### What the task requires
Among the lines below, copy exactly those from the one with "perm_eq p.1 (enum" through the one with "Definition vsigma_ord (p", counting both ends.

### Entries shown
(* Let $\pi,\pi'$ be vertices of a Rauzy class $\mathcal{R}$ on the alphabet $\mathcal{A}$. Let $G\subseteq\mathrm{Sp}(\Omega_\pi,\mathbb{Z})$ be the subgroup generated by the symplectic transvections $\{T_{e_\alpha}\}_{\alpha\in\mathcal{A}}$ with respect to $\Omega_\pi$, and $G'\subseteq\mathrm{Sp}(\Omega_{\pi'},\mathbb{Z})$ the subgroup generated by $\{T'_{e_\alpha}\}_{\alpha\in\mathcal{A}}$ with respect to $\Omega_{\pi'}$. If $\gamma$ is any walk (using arrows of $\mathcal{R}$ and their reverses) from $\pi$ to $\pi'$, then the isomorphism $\mathrm{Sp}(\Omega_\pi,\mathbb{Z})\to\mathrm{Sp}(\Omega_{\pi'},\mathbb{Z})$, $S\mapsto B_\gamma SB_\gamma^{-1}$, restricts to an isomorphism between $G$ and $G'$.
   Context: Permutations $\pi=(\pi_{\mathrm t},\pi_{\mathrm b})$ are pairs of bijections $\mathcal{A}\to\{1,\dots,d\}$, $d=|\mathcal{A}|\ge3$, assumed irreducible and nondegenerate; $\alpha_{\varepsilon,j}=\pi_\varepsilon^{-1}(j)$. Rauzy induction: the top operation, with $\alpha_{\mathrm b,k}=\alpha_{\mathrm t,d}$, replaces the bottom row by $\alpha_{\mathrm b,1},\dots,\alpha_{\mathrm b,k},\alpha_{\mathrm b,d},\alpha_{\mathrm b,k+1},\dots,\alpha_{\mathrm b,d-1}$ (winner $\alpha_{\mathrm t,d}$, loser $\alpha_{\mathrm b,d}$); the bottom operation, with $\alpha_{\mathrm t,k}=\alpha_{\mathrm b,d}$, replaces the top row by $\alpha_{\mathrm t,1},\dots,\alpha_{\mathrm t,k},\alpha_{\mathrm t,d},\alpha_{\mathrm t,k+1},\dots,\alpha_{\mathrm t,d-1}$ (winner $\alpha_{\mathrm b,d}$, loser $\alpha_{\mathrm t,d}$). A Rauzy class is a connected component of the directed graph with arrows $\pi\to R_{\mathrm t}(\pi),\pi\to R_{\mathrm b}(\pi)$. $(\Omega_\pi)_{\alpha\beta}=+1$ if $\pi_{\mathrm t}(\alpha)<\pi_{\mathrm t}(\beta)$ and $\pi_{\mathrm b}(\alpha)>\pi_{\mathrm b}(\beta)$, $-1$ if the reverse inequalities hold, $0$ otherwise. For an arrow with winner $\alpha_{\mathrm w}$, loser $\alpha_{\mathrm l}$, $B_\gamma=\mathrm{Id}+E_{\alpha_{\mathrm l}\alpha_{\mathrm w}}$, $B_{\gamma^{-1}}=B_\gamma^{-1}$, $B_{\gamma_1\cdots\gamma_n}=B_{\gamma_n}\cdots B_{\gamma_1}$; for a walk from $\pi$ to $\pi'$, $\Omega_{\pi'}=B_\gamma\Omega_\pi B_\gamma^{\intercal}$. $\mathrm{Sp}(\Omega,\mathbb{Z})=\{S\in\mathrm{GL}(\mathbb{Z}^{\mathcal{A}}):S\Omega S^{\intercal}=\Omega\}$ acting on row vectors. With $\langle u,v\rangle=u\Omega v^{\intercal}$, the symplectic transvection along $v$ is $T_v(u)=u+\langle v,u\rangle v$; $e_\alpha$ are the canonical basis vectors. *)

From HB Require Import structures.
From mathcomp Require Import all_boot all_order all_algebra.
Set Implicit Arguments. Unset Strict Implicit. Unset Printing Implicit Defensive.
Import GRing.Theory.
Local Open Scope ring_scope.

(* A permutation pi = (pi_t, pi_b) on the alphabet A is
   represented by its two rows: the top row [alpha_{t,1}; ...; alpha_{t,d}]
   and the bottom row [alpha_{b,1}; ...; alpha_{b,d}], each an ordering of A.
   Vectors in Z^A are row vectors 'rV[int]_#|A| indexed through enum_rank. *)

Section Rauzy.
Variable A : finType.

Definition perm_pair := (seq A * seq A)%type.

(* pi_eps(a) : 1-based position of a in the row s *)
Definition pos (s : seq A) (a : A) : nat := (index a s).+1.

Definition valid (p : perm_pair) : bool :=
  perm_eq p.1 (enum A) && perm_eq p.2 (enum A).

Definition rirreducible (p : perm_pair) : bool :=
  [forall k : 'I_#|A|, (0 < k)%N ==> ~~ perm_eq (take k p.1) (take k p.2)].

Definition rvertex (p : perm_pair) : bool := valid p && rirreducible p.

(* monodromy  m(j) = pi_b(alpha_{t,j})  and its inverse  m^-1(i) = pi_t(alpha_{b,i}) *)
Definition mono (p : perm_pair) (j : nat) : nat :=
  nth 0%N [seq pos p.2 a | a <- p.1] j.-1.
Definition monoinv (p : perm_pair) (i : nat) : nat :=
  nth 0%N [seq pos p.1 a | a <- p.2] i.-1.

(* Veech's permutation sigma on {0,...,d}, whose cycles are the singularities
   of the suspension; a cycle c carries cone angle
   2 pi (|c| - [0 in c] - [d in c]). *)
Definition vsigma (p : perm_pair) (j : nat) : nat :=
  if j == 0%N then (monoinv p 1).-1
  else if j == monoinv p #|A| then #|A|
  else (monoinv p (mono p j).+1).-1.

Definition vsigma_ord (p : perm_pair) (j : 'I_#|A|.+1) : 'I_#|A|.+1 :=
  inord (vsigma p j).

(* rnondegenerate: no singularity of cone angle 2 pi (no marked point) *)
Definition rnondegenerate (p : perm_pair) : bool :=
  [forall j : 'I_#|A|.+1,
    (order (vsigma_ord p) j - fconnect (vsigma_ord p) j ord0
       - fconnect (vsigma_ord p) j ord_max != 1)%N].

Inductive kind := Top | Bot.

(* modify the row [los]: the winner is the last letter of [win], the loser
   the last letter of [los]; with w = alpha_{los,k} the new row is
   alpha_{los,1..k}, loser, alpha_{los,k+1..d-1}. *)
Definition rauzy_row (win los : seq A) : seq A :=
  match win, los with
  | x :: xs, y :: ys =>
      let w := last x xs in let l := last y ys in let b := belast y ys in
      let k := pos los w in take k b ++ l :: drop k b
  | _, _ => los
  end.

Definition rauzy (k : kind) (p : perm_pair) : perm_pair :=
  match k with
  | Top => (p.1, rauzy_row p.1 p.2)
  | Bot => (rauzy_row p.2 p.1, p.2)
  end.

Definition winner_loser (k : kind) (p : perm_pair) : option (A * A) :=
  match p.1, p.2 with
  | x :: xs, y :: ys =>
      match k with
      | Top => Some (last x xs, last y ys)
      | Bot => Some (last y ys, last x xs)
      end
  | _, _ => None
  end.

Local Notation n := #|A|.

Definition Emx (a b : A) : 'M[int]_n := delta_mx (enum_rank a) (enum_rank b).

Definition Bmx (k : kind) (p : perm_pair) : 'M[int]_n :=
  match winner_loser k p with
  | Some (w, l) => 1%:M + Emx l w
  | None => 1%:M
  end.

Definition Omega (p : perm_pair) : 'M[int]_n :=
  \matrix_(i, j)
    let a := enum_val i in let b := enum_val j in
    if (pos p.1 a < pos p.1 b)%N && (pos p.2 a > pos p.2 b)%N then 1
    else if (pos p.1 a > pos p.1 b)%N && (pos p.2 a < pos p.2 b)%N then -1
    else 0.

(* walk B p q M : M = B_gamma for some walk gamma from p to q in the Rauzy
   graph (vertices: valid rirreducible permutations), using arrows and their
   reverses; B_{gamma_1 ... gamma_m} = B_{gamma_m} ... B_{gamma_1}. *)
Inductive walk : perm_pair -> perm_pair -> 'M[int]_n -> Prop :=
| walk_nil p : walk p p 1%:M
| walk_fwd k p q M : rvertex p -> rvertex (rauzy k p) ->
    walk (rauzy k p) q M -> walk p q (M *m Bmx k p)
| walk_bwd k p q M : rvertex p -> rvertex (rauzy k p) ->
    walk p q M -> walk (rauzy k p) q (M *m invmx (Bmx k p)).

Definition evec (a : A) : 'rV[int]_n := delta_mx 0 (enum_rank a).

End Rauzy.

(* symplectic transvection along v w.r.t. Om, as a matrix acting on row
   vectors:  u *m transvection Om v = u + (v Om u^T) v *)
Definition transvection (n : nat) (Om : 'M[int]_n) (v : 'rV[int]_n) : 'M[int]_n :=
  1%:M + Om^T *m v^T *m v.

Inductive gen_group (n : nat) (X : 'M[int]_n -> Prop) : 'M[int]_n -> Prop :=
| gg_one : gen_group X 1%:M
| gg_gen S : X S -> gen_group X S
| gg_mul S T : gen_group X S -> gen_group X T -> gen_group X (S *m T)
| gg_inv S : gen_group X S -> gen_group X (invmx S).

Definition Gtrans (A : finType) (p : perm_pair A) : 'M[int]_#|A| -> Prop :=
  gen_group (fun S => exists a : A, S = transvection (Omega p) (evec a)).

(* If B Om B^T = Om', conjugation by B maps the transvection T_v of Om to the
   transvection T'_{v B^-1} of Om'.  Along an arrow of a Rauzy class,
   B = 1 + E_{lw} with l <> w (by irreducibility), Omega' = B Omega B^T and
   <e_w, e_l> = +-1.  So conjugation by B sends T_{e_a} to T'_{e_a} for a <> l,
   and T_{e_l} to T'_{e_l - e_w}; as e_l - e_w is the image of e_l under
   T'_{e_w}^{+-1}, the latter is a conjugate of T'_{e_l} inside G'.  The same
   argument for B^-1 = 1 - E_{lw} gives the reverse inclusion, and these
   isomorphisms compose along the walk. *)

From HB Require Import structures.
From mathcomp Require Import all_boot all_order all_algebra.
From mathcomp Require Import zify.
Set Implicit Arguments. Unset Strict Implicit. Unset Printing Implicit Defensive.
Import GRing.Theory Num.Theory.
Local Open Scope ring_scope.

Section Conjugation.
Variable n : nat.
Implicit Types (M N S : 'M[int]_n) (X Y Z : 'M[int]_n -> Prop).

Lemma invmx_uniq M N : M *m N = 1%:M -> invmx M = N.
Proof.
move=> MN; have [uM _] := mulmx1_unit MN.
by rewrite -[invmx M]mulmx1 -MN mulmxA mulVmx // mul1mx.
Qed.

Lemma invmxM M N : M \in unitmx -> N \in unitmx ->
  invmx (M *m N) = invmx N *m invmx M.
Proof.
move=> uM uN; apply: invmx_uniq.
by rewrite mulmxA mulmxK // mulmxV.
Qed.

Definition mxconj M S := M *m S *m invmx M.

Lemma mxconj1mx S : mxconj 1%:M S = S.
Proof. by rewrite /mxconj invmx1 mul1mx mulmx1. Qed.

Lemma mxconjmx1 M : M \in unitmx -> mxconj M 1%:M = 1%:M.
Proof. by move=> uM; rewrite /mxconj mulmx1 mulmxV. Qed.

Lemma mxconjM M S N : M \in unitmx ->
  mxconj M (S *m N) = mxconj M S *m mxconj M N.
Proof. by move=> uM; rewrite /mxconj !mulmxA mulmxKV. Qed.

Lemma mxconjV M S : M \in unitmx -> mxconj M (invmx S) = invmx (mxconj M S).
Proof.
move=> uM; have [uS|nuS] := boolP (S \in unitmx).
  by rewrite /mxconj !invmxM ?unitmx_mul ?unitmx_inv ?uM ?uS // invmxK mulmxA.
rewrite [invmx S]invmx_out // [invmx (mxconj M S)]invmx_out //.
by rewrite inE /mxconj !unitmx_mul unitmx_inv uM andbT.
Qed.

### Task output
  perm_eq p.1 (enum A) && perm_eq p.2 (enum A).

Definition rirreducible (p : perm_pair) : bool :=
  [forall k : 'I_#|A|, (0 < k)%N ==> ~~ perm_eq (take k p.1) (take k p.2)].

Definition rvertex (p : perm_pair) : bool := valid p && rirreducible p.

(* monodromy  m(j) = pi_b(alpha_{t,j})  and its inverse  m^-1(i) = pi_t(alpha_{b,i}) *)
Definition mono (p : perm_pair) (j : nat) : nat :=
  nth 0%N [seq pos p.2 a | a <- p.1] j.-1.
Definition monoinv (p : perm_pair) (i : nat) : nat :=
  nth 0%N [seq pos p.1 a | a <- p.2] i.-1.

(* Veech's permutation sigma on {0,...,d}, whose cycles are the singularities
   of the suspension; a cycle c carries cone angle
   2 pi (|c| - [0 in c] - [d in c]). *)
Definition vsigma (p : perm_pair) (j : nat) : nat :=
  if j == 0%N then (monoinv p 1).-1
  else if j == monoinv p #|A| then #|A|
  else (monoinv p (mono p j).+1).-1.

Definition vsigma_ord (p : perm_pair) (j : 'I_#|A|.+1) : 'I_#|A|.+1 :=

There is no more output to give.